Another moment I remember in 1993 was watching the Much Music Top 30 Countdown on a Friday afternoon and seeing the brand new entries kick off the chart. I have a vivid memory of when Duran Duran's video for their single Too Much Information entered the chart.




Another year and some passed on, and 1995 began. I was in Grade 8 (as we say here in Canada, Americans would say 8th Grade and I believe Brits would say Year 8), and I was having a great year at school. I had a nice little group of friends and I had developed my first crush on a nice boy named Jerry who was a grade ahead of me. I had become quite the music lover myself and already had a pretty impressive collection of music. I was the kid called on by my classmates who wanted mixed tapes made for them of stuff they didn't have or had never heard before. It was a massive hobby for me at that time.

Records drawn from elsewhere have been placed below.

Lemma represents_fsum Fs d v : (forall n, labels_cover (Fs n)) ->
  represents (fsum Fs) d v <->
  exists ds vs : nat -> set X, [/\ forall n, represents (Fs n) (ds n) (vs n),
    forall n m, (vs n `\` ds n) `&` ds m = set0,
    d = \bigcup_n ds n & v = \bigcup_n vs n].
Proof.
move=> hP; split.
- case=> B [hLB -> -> hdisj].
  pose Bn n p : set X := B (existT _ n p).
  have hdisjnm n m : labelled (Bn n) false `&` labelled (Bn m) true = set0.
    apply/disjoints_subset => z hf ht; move/disjoints_subset: hdisj => /(_ z).
    by apply; rewrite labelled_fsum; [exists m|exists n].
  exists (fun n => labelled (Bn n) true), (fun n => covered (Bn n)); split.
  + move=> n; exists (Bn n); split => //; last by rewrite setIC hdisjnm.
    by move=> p; exact: hLB.
  + by move=> n m; rewrite -labelled_false ?hdisjnm // setIC hdisjnm.
  + exact: labelled_fsum.
  + exact: covered_fsum.
- case=> ds [vs [hR hcross -> ->]].
  pose Bn n := sval (cid (hR n)).
  have hBn n := svalP (cid (hR n)).
  exists (fun a => Bn (projT1 a) (projT2 a)); split.
  + by case=> n p; case: (hBn n) => hLB _ _ _; exact: hLB.
  + by rewrite labelled_fsum; apply: eq_bigcupr => n _; case: (hBn n).
  + by rewrite covered_fsum; apply: eq_bigcupr => n _; case: (hBn n).
  + rewrite !labelled_fsum; apply/disjoints_subset => z [n _ ht] [m _ hf].
    have [_ hds _ _] := hBn n; have [_ hdsm hvsm hdisjm] := hBn m.
    move/disjoints_subset: (hcross m n) => /(_ z); apply; last by rewrite hds.
    by rewrite (labelled_false (hP m) hdisjm) -hvsm -hdsm in hf.
Qed.

Definition succ_rel (R : set X -> set X -> Prop) (d v : set X) : Prop :=
  exists o w C, [/\ R o w, L C, d = w `\` o & v = C `|` w].

Definition lim_rel (R : nat -> set X -> set X -> Prop) (d v : set X) : Prop :=
  exists (o w : nat -> set X) C, [/\ forall n, R n (o n) (w n),
    forall n m, o n `&` (w m `\` o m) = set0, L C,
    d = \bigcup_n (w n `\` o n) & v = C `|` \bigcup_n w n].

Lemma succ_rel_iff R R' d v : (forall o w, R o w <-> R' o w) ->
  succ_rel R d v <-> succ_rel R' d v.
Proof.
by move=> hR; split; case=> o [w [C [h hC hd hv]]]; exists o, w, C; split => //; apply/hR.
Qed.

Lemma lim_rel_iff R R' d v : (forall n o w, R n o w <-> R' n o w) ->
  lim_rel R d v <-> lim_rel R' d v.
Proof.
move=> hR; split; case=> o [w [C [h hcross hC hd hv]]]; exists o, w, C.
- by split => // n; apply/hR.
- by split => // n; apply/hR.
Qed.

Lemma represents_succ F d v : labels_cover F ->
  represents (Defs.froot false (fcompl F)) d v <-> succ_rel (represents F) d v.
Proof.
move=> hP; apply: iff_trans (represents_froot_false _ _ _) _; split.
- by case=> w [C [/(represents_fcompl _ _ hP) [o [hR ->]] hC ->]]; exists o, w, C.
- case=> o [w [C [hR hC -> ->]]]; exists w, C; split => //.
  by apply/represents_fcompl => //; exists o.
Qed.

Lemma represents_lim (Ts : nat -> forest2) d v : (forall n, labels_cover (Ts n)) ->
  represents (Defs.froot false (fsum (fun n => fcompl (Ts n)))) d v <->
  lim_rel (fun n => represents (Ts n)) d v.
Proof.
move=> hP; have hPc n : labels_cover (fcompl (Ts n)) by exact: labels_cover_fcompl.
have setDD_sub n o w : represents (Ts n) o w -> w `\` (w `\` o) = o.
  by move=> hR; rewrite setDD setIidr //; exact: represents_sub hR.
apply: iff_trans (represents_froot_false _ _ _) _; split.
- case=> w [C [/(represents_fsum _ _ hPc) [ds [vs [hR hcross -> ->]]] hC ->]].
  have [o ho] := choice (fun n => iffLR (represents_fcompl _ _ (hP n)) (hR n)).
  exists o, vs, C; split => //.
  + by move=> n; case: (ho n).
  + move=> n m; have [hRn hdn] := ho n; have [_ hdm] := ho m.
    by move: (hcross n m); rewrite hdn hdm (setDD_sub _ _ _ hRn).
  + by apply: eq_bigcupr => n _; case: (ho n).
- case=> o [w [C [hR hcross hC -> ->]]]; exists (\bigcup_n w n), C; split => //.
  apply/represents_fsum => //; exists (fun n => w n `\` o n), w; split => //.
  + by move=> n; apply/represents_fcompl => //; exists (o n).
  + by move=> n m; rewrite (setDD_sub _ _ _ (hR n)).
Qed.

Lemma preimage_chi (A : set X) (b : bool) : chi A @^-1` [set b] = if b then A else ~` A.
Proof. by apply/seteqP; split=> z /=; case: b; rewrite /chi; case: asboolP. Qed.
(* Let $\{X_t\}_{t\ge0}$ follow $X_{t+1}=\sigma(A_\star X_t)+HV_t$, $X_0=HV_0$, with $A_\star,H\in\mathbb R^{d_x\times d_x}$, $V_t$ i.i.d. $N(0,I_{d_x})$, and $\sigma$ applying a scalar function coordinatewise. Assume: (1) $H$ is full rank; (2) the scalar $\sigma$ is $1$-Lipschitz, $\sigma(0)=0$, and there is $\zeta\in(0,1]$ with $|\sigma(x)-\sigma(y)|\ge\zeta|x-y|$ for all $x,y$; (3) there exist a positive definite diagonal $P_\star\succcurlyeq I$ and $\rho\in(0,1)$ with $A_\star^\top P_\star A_\star\preccurlyeq\rho P_\star$. Then $$\sup_{t\in\mathbb N}\mathbb{E}\|X_t\|_2^4\le B_X^4,\qquad B_X=\frac{12\sqrt2\,\|H\|_{op}\|P_\star\|_{op}^{1/2}\sqrt{d_x}}{1-\rho}.$$
   Context: $\|\cdot\|_{op}$ is the largest singular value; $\preccurlyeq$ is the Loewner order. *)

From HB Require Import structures.
From mathcomp Require Import all_boot all_order all_algebra.
From mathcomp Require Import all_classical all_reals all_analysis.
Set Implicit Arguments. Unset Strict Implicit. Unset Printing Implicit Defensive.
Import Order.TTheory GRing.Theory Num.Theory.
Local Open Scope classical_set_scope.
Local Open Scope ring_scope.

Section Defs.
Context {R : realType}.

Definition norm2 {n : nat} (v : 'cV[R]_n) : R :=
  Num.sqrt (\sum_(i < n) v i 0 ^+ 2).

Definition qform {n : nat} (M : 'M[R]_n) (v : 'cV[R]_n) : R :=
  (v^T *m M *m v) 0 0.

Definition loewner_le {n : nat} (M N : 'M[R]_n) : Prop :=
  forall v : 'cV[R]_n, 0 <= qform (N - M) v.

Definition posdef {n : nat} (M : 'M[R]_n) : Prop :=
  M^T = M /\ forall v : 'cV[R]_n, v != 0 -> 0 < qform M v.

Definition opnorm {m n : nat} (M : 'M[R]_(m, n)) : R :=
  sup [set norm2 (M *m v) | v in [set v : 'cV[R]_n | norm2 v = 1]].

Definition vmap {n : nat} (f : R -> R) (v : 'cV[R]_n) : 'cV[R]_n := map_mx f v.

End Defs.

Definition mutually_independent d (T : measurableType d) (R : realType)
  (P : probability T R) (I : eqType) (F : I -> T -> R) : Prop :=
  forall (s : seq I) (B : I -> set R), uniq s ->
    (forall i, measurable (B i)) ->
    P (\bigcap_(i in [set` s]) (F i @^-1` B i)) =
      (\prod_(i <- s) P (F i @^-1` B i))%E.

Fixpoint procX {R : realType} {T : Type} {n : nat} (sigma : R -> R)
  (A H : 'M[R]_n) (V : nat -> T -> 'cV[R]_n) (t : nat) (x : T) : 'cV[R]_n :=
  match t with
  | 0 => H *m V 0%N x
  | t'.+1 => vmap sigma (A *m procX sigma A H V t' x) + H *m V t' x
  end.

(* Let Q x := x^T P x.  As P is diagonal, Q acts coordinatewise, so the
   contraction Q (A x) <= rho Q x survives the coordinatewise map sigma, which
   is 1-Lipschitz with sigma 0 = 0.  With r := sqrt rho, the convexity bound
   (a + b)^2 <= a^2 / r + b^2 / (1 - r) gives
   Q X_(t+1) <= r Q X_t + Q (H V_t) / (1 - r), and applied once more
   (Q X_(t+1))^2 <= r (Q X_t)^2 + (Q (H V_t))^2 / (1 - r)^3.
   The Gaussian fourth moment gives E (Q (H V_t))^2 <= 64 d^2 |P|^2 |H|^4, so
   E (Q X_t)^2 stays below this constant divided by (1 - r)^4 for all t, and
   |X_t|^4 <= (Q X_t)^2 because P >= I.  Finally 1 - rho <= 2 (1 - r). *)

From HB Require Import structures.
From mathcomp Require Import all_boot all_order all_algebra.
From mathcomp Require Import all_classical all_reals all_analysis.
From mathcomp Require Import measurable_realfun ring lra.
Import Order.TTheory GRing.Theory Num.Theory.
Import numFieldNormedType.Exports.
Local Open Scope classical_set_scope.
Local Open Scope ring_scope.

It was the week of my 14th birthday and I had finished my week at school. On April 4th I had a day off and decided to spend much of it watching tv. I flipped on Much Music at the time and by the looks of it, there was an all-day special being aired. I quickly realized that it was in fact a Duran Duran special. It was called "Duran Duran:15 Years In 3 Hours" and I was to learn that it was to kick off the release of their latest cd, a covers album called Thank You. I decided to watch a little of it. Besides, there was nothing else on at that time. The special consisted of 3 members of the group being driven around to various locations within Toronto that commemorated certain milestones in their 15-year career, along with music videos of theirs being played in a chronological order.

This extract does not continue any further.